### PROBLEM REQUIREMENTS
Type out each entry exactly.

Dataset entries
·····
Lemma vnorm_hpt (a b : int) : vnorm (hpt a b) = Num.sqrt (norm_form a b)%:~R.
Proof.
rewrite /vnorm /lcomb /=; congr Num.sqrt.
have sqrt3 : Num.sqrt 3 ^+ 2 = 3 :> R by rewrite sqr_sqrtr ?ler0n.
rewrite /norm_form rmorphD rmorphB rmorphM !rmorphXn /=.
by rewrite mulr0 add0r exprMn expr_div_n sqrt3; field; rewrite ?pnatr_eq0.
Qed.

Lemma vnorm_hpt_le (a b c d : int) :
  (vnorm (hpt a b) <= vnorm (hpt c d)) = (norm_form a b <= norm_form c d).
Proof. by rewrite !vnorm_hpt ler_sqrt ?ler0z ?norm_form_ge0 // ler_int. Qed.

Lemma vnorm_hpt_inj (a b c d : int) :
  vnorm (hpt a b) = vnorm (hpt c d) -> norm_form a b = norm_form c d.
Proof. by move/eqP; rewrite !vnorm_hpt eqr_sqrt ?ler0z ?norm_form_ge0 // eqr_int => /eqP. Qed.

Lemma well_rounded_polar_le L (a b e f : int) :
  is_basis L (hpt a b) (hpt e f) ->
  (forall z, L z -> z != (0, 0) -> vnorm (hpt a b) <= vnorm z) ->
  norm_form a b = norm_form e f -> `|polar_form a b e f| <= norm_form a b.
Proof.
move=> bxy xmin hN.
have le_shift (n : int) : norm_form a b <= norm_form (a + n * e) (b + n * f).
  have := xmin _ (is_basis_lcomb 1 n bxy) (lcomb_neq0 n (proj1 bxy)).
  by rewrite lcomb_lcomb !mul1r vnorm_hpt_le.
have := le_shift 1; have := le_shift (-1).
rewrite !mul1r !mulN1r norm_formB norm_formD -hN ler_norml; lia.
Qed.

Lemma hpt_index L u v (J : nat) (a b e f : int) :
  is_basis L u v -> `|det2 u v| = J%:R * `|det2 (hb1 R) (hb2 R)| ->
  is_basis L (hpt a b) (hpt e f) -> `|a * f - b * e| = J%:Z.
Proof.
move=> buv index_uv bxy.
have hb_neq0 : `|det2 (hb1 R) (hb2 R)| != 0.
  by rewrite det2_hb normr_eq0 gt_eqF // divr_gt0 ?sqrtr_gt0 ?ltr0n.
have := is_basis_det2_norm buv bxy; rewrite index_uv det2_lcomb normrM -intr_norm.
by move/(mulIf hb_neq0); rewrite -[J%:R]/((J%:Z)%:~R) => /intr_inj.
Qed.

End Geometry.

Local Close Scope ring_scope.
Lemma addr_vtx_block b p v q : v \in block b p -> q != p -> addr_vtx v q = addr_vtx b q.
Proof. by case/blockP => [|c] //= Hq; rewrite eq_sym (negbTE Hq). Qed.

Lemma addr_vtx_size (s r : addr) q : addr_vtx s q = inr r -> size r <= size s.
Proof.
elim: s => [|x s IH] //=; case: ifP => _ => [[<-] // | /IH].
by move=> H; apply: leq_trans H _.
Qed.

Lemma addr_vtx_recent x y (s : addr) p : x.1 != y.1 ->
  exists2 q, q != p & exists2 r, addr_vtx [:: x, y & s] q = inr r & size s < size r.
Proof.
move=> Hxy; case: (eqVneq x.1 p) => [Hx | Hx].
  exists y.1; first by rewrite -Hx eq_sym.
  by exists (y :: s); rewrite //= (negbTE Hxy) eqxx.
by exists x.1 => //; exists [:: x, y & s]; rewrite //= eqxx.
Qed.

Definition through (t b : addr) (p : 'I_d.+1) : bool :=
  [exists c, suffix ((p, c) :: b) t].

Lemma through_child t b p c : suffix ((p, c) :: b) t -> through t b p.
Proof. by move=> Hc; apply/existsP; exists c. Qed.

(* The cell of [block b p] nearest to [t]. *)
Definition gate (t b : addr) (p : 'I_d.+1) : addr :=
  if [pick c | suffix ((p, c) :: b) t] is Some c then (p, c) :: b else b.

Variant gate_spec t b p : addr -> bool -> Prop :=
  | GateChild c of suffix ((p, c) :: b) t : gate_spec t b p ((p, c) :: b) true
  | GateBase of ~~ through t b p : gate_spec t b p b false.

Lemma gateP t b p : gate_spec t b p (gate t b p) (through t b p).
Proof.
rewrite /gate; case: pickP => [c Hc | Hn]; first by rewrite (through_child Hc); constructor.
have Hf : ~~ through t b p by apply/existsP => -[c]; rewrite Hn.
by rewrite (negbTE Hf); constructor.
Qed.

Lemma gate_child t b p c : suffix ((p, c) :: b) t -> gate t b p = (p, c) :: b.
Proof.
move=> Hc; case: gateP => [c' Hc' | /existsP []]; last by exists c.
exact: suffix_size_inj Hc' Hc _.
Qed.

Lemma gate_in_block t b p : gate t b p \in block b p.
Proof. by case: gateP => [c _ | _]; rewrite ?block_child ?mem_head. Qed.

(* Unless [u] lies on the way from the root to
   [t], its parent [u'] is equally far from [t] when [t] lies below a sibling of
   [u] (siblings are adjacent), and one step closer otherwise. *)
Fixpoint tree_dist (t u : addr) : nat :=
  match u with
  | [::] => size t
  | x :: u' => if suffix u t then size t - size u
               else if through t u' x.1 then tree_dist t u' else (tree_dist t u').+1
  end.

Lemma tree_dist_suffix t u : suffix u t -> tree_dist t u = size t - size u.
Proof. by case: u => [|x u] /= Hs; rewrite ?subn0 ?Hs. Qed.

Lemma tree_dist_refl t : tree_dist t t = 0.
Proof. by rewrite tree_dist_suffix ?suffix_refl ?subnn. Qed.

Lemma tree_dist_nil u : tree_dist [::] u = size u.
Proof.
elim: u => [|x u IH] //=; rewrite suffixs0 IH /through.
by case: existsP => // -[c]; rewrite suffixs0.
Qed.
·····
### RESPONSE TO THE TASK
Lemma vnorm_hpt (a b : int) : vnorm (hpt a b) = Num.sqrt (norm_form a b)%:~R.
Proof.
rewrite /vnorm /lcomb /=; congr Num.sqrt.
have sqrt3 : Num.sqrt 3 ^+ 2 = 3 :> R by rewrite sqr_sqrtr ?ler0n.
rewrite /norm_form rmorphD rmorphB rmorphM !rmorphXn /=.
by rewrite mulr0 add0r exprMn expr_div_n sqrt3; field; rewrite ?pnatr_eq0.
Qed.

Lemma vnorm_hpt_le (a b c d : int) :
  (vnorm (hpt a b) <= vnorm (hpt c d)) = (norm_form a b <= norm_form c d).
Proof. by rewrite !vnorm_hpt ler_sqrt ?ler0z ?norm_form_ge0 // ler_int. Qed.

Lemma vnorm_hpt_inj (a b c d : int) :
  vnorm (hpt a b) = vnorm (hpt c d) -> norm_form a b = norm_form c d.
Proof. by move/eqP; rewrite !vnorm_hpt eqr_sqrt ?ler0z ?norm_form_ge0 // eqr_int => /eqP. Qed.

Lemma well_rounded_polar_le L (a b e f : int) :
  is_basis L (hpt a b) (hpt e f) ->
  (forall z, L z -> z != (0, 0) -> vnorm (hpt a b) <= vnorm z) ->
  norm_form a b = norm_form e f -> `|polar_form a b e f| <= norm_form a b.
Proof.
move=> bxy xmin hN.
have le_shift (n : int) : norm_form a b <= norm_form (a + n * e) (b + n * f).
  have := xmin _ (is_basis_lcomb 1 n bxy) (lcomb_neq0 n (proj1 bxy)).
  by rewrite lcomb_lcomb !mul1r vnorm_hpt_le.
have := le_shift 1; have := le_shift (-1).
rewrite !mul1r !mulN1r norm_formB norm_formD -hN ler_norml; lia.
Qed.

Lemma hpt_index L u v (J : nat) (a b e f : int) :
  is_basis L u v -> `|det2 u v| = J%:R * `|det2 (hb1 R) (hb2 R)| ->
  is_basis L (hpt a b) (hpt e f) -> `|a * f - b * e| = J%:Z.
Proof.
move=> buv index_uv bxy.
have hb_neq0 : `|det2 (hb1 R) (hb2 R)| != 0.
  by rewrite det2_hb normr_eq0 gt_eqF // divr_gt0 ?sqrtr_gt0 ?ltr0n.
have := is_basis_det2_norm buv bxy; rewrite index_uv det2_lcomb normrM -intr_norm.
by move/(mulIf hb_neq0); rewrite -[J%:R]/((J%:Z)%:~R) => /intr_inj.
Qed.

End Geometry.

Local Close Scope ring_scope.
Lemma addr_vtx_block b p v q : v \in block b p -> q != p -> addr_vtx v q = addr_vtx b q.
Proof. by case/blockP => [|c] //= Hq; rewrite eq_sym (negbTE Hq). Qed.

Lemma addr_vtx_size (s r : addr) q : addr_vtx s q = inr r -> size r <= size s.
Proof.
elim: s => [|x s IH] //=; case: ifP => _ => [[<-] // | /IH].
by move=> H; apply: leq_trans H _.
Qed.

Lemma addr_vtx_recent x y (s : addr) p : x.1 != y.1 ->
  exists2 q, q != p & exists2 r, addr_vtx [:: x, y & s] q = inr r & size s < size r.
Proof.
move=> Hxy; case: (eqVneq x.1 p) => [Hx | Hx].
  exists y.1; first by rewrite -Hx eq_sym.
  by exists (y :: s); rewrite //= (negbTE Hxy) eqxx.
by exists x.1 => //; exists [:: x, y & s]; rewrite //= eqxx.
Qed.

Definition through (t b : addr) (p : 'I_d.+1) : bool :=
  [exists c, suffix ((p, c) :: b) t].

Lemma through_child t b p c : suffix ((p, c) :: b) t -> through t b p.
Proof. by move=> Hc; apply/existsP; exists c. Qed.

(* The cell of [block b p] nearest to [t]. *)
Definition gate (t b : addr) (p : 'I_d.+1) : addr :=
  if [pick c | suffix ((p, c) :: b) t] is Some c then (p, c) :: b else b.

Variant gate_spec t b p : addr -> bool -> Prop :=
  | GateChild c of suffix ((p, c) :: b) t : gate_spec t b p ((p, c) :: b) true
  | GateBase of ~~ through t b p : gate_spec t b p b false.

Lemma gateP t b p : gate_spec t b p (gate t b p) (through t b p).
Proof.
rewrite /gate; case: pickP => [c Hc | Hn]; first by rewrite (through_child Hc); constructor.
have Hf : ~~ through t b p by apply/existsP => -[c]; rewrite Hn.
by rewrite (negbTE Hf); constructor.
Qed.

Lemma gate_child t b p c : suffix ((p, c) :: b) t -> gate t b p = (p, c) :: b.
Proof.
move=> Hc; case: gateP => [c' Hc' | /existsP []]; last by exists c.
exact: suffix_size_inj Hc' Hc _.
Qed.

Lemma gate_in_block t b p : gate t b p \in block b p.
Proof. by case: gateP => [c _ | _]; rewrite ?block_child ?mem_head. Qed.

(* Unless [u] lies on the way from the root to
   [t], its parent [u'] is equally far from [t] when [t] lies below a sibling of
   [u] (siblings are adjacent), and one step closer otherwise. *)
Fixpoint tree_dist (t u : addr) : nat :=
  match u with
  | [::] => size t
  | x :: u' => if suffix u t then size t - size u
               else if through t u' x.1 then tree_dist t u' else (tree_dist t u').+1
  end.

Lemma tree_dist_suffix t u : suffix u t -> tree_dist t u = size t - size u.
Proof. by case: u => [|x u] /= Hs; rewrite ?subn0 ?Hs. Qed.

Lemma tree_dist_refl t : tree_dist t t = 0.
Proof. by rewrite tree_dist_suffix ?suffix_refl ?subnn. Qed.

Lemma tree_dist_nil u : tree_dist [::] u = size u.
Proof.
elim: u => [|x u IH] //=; rewrite suffixs0 IH /through.
by case: existsP => // -[c]; rewrite suffixs0.
Qed.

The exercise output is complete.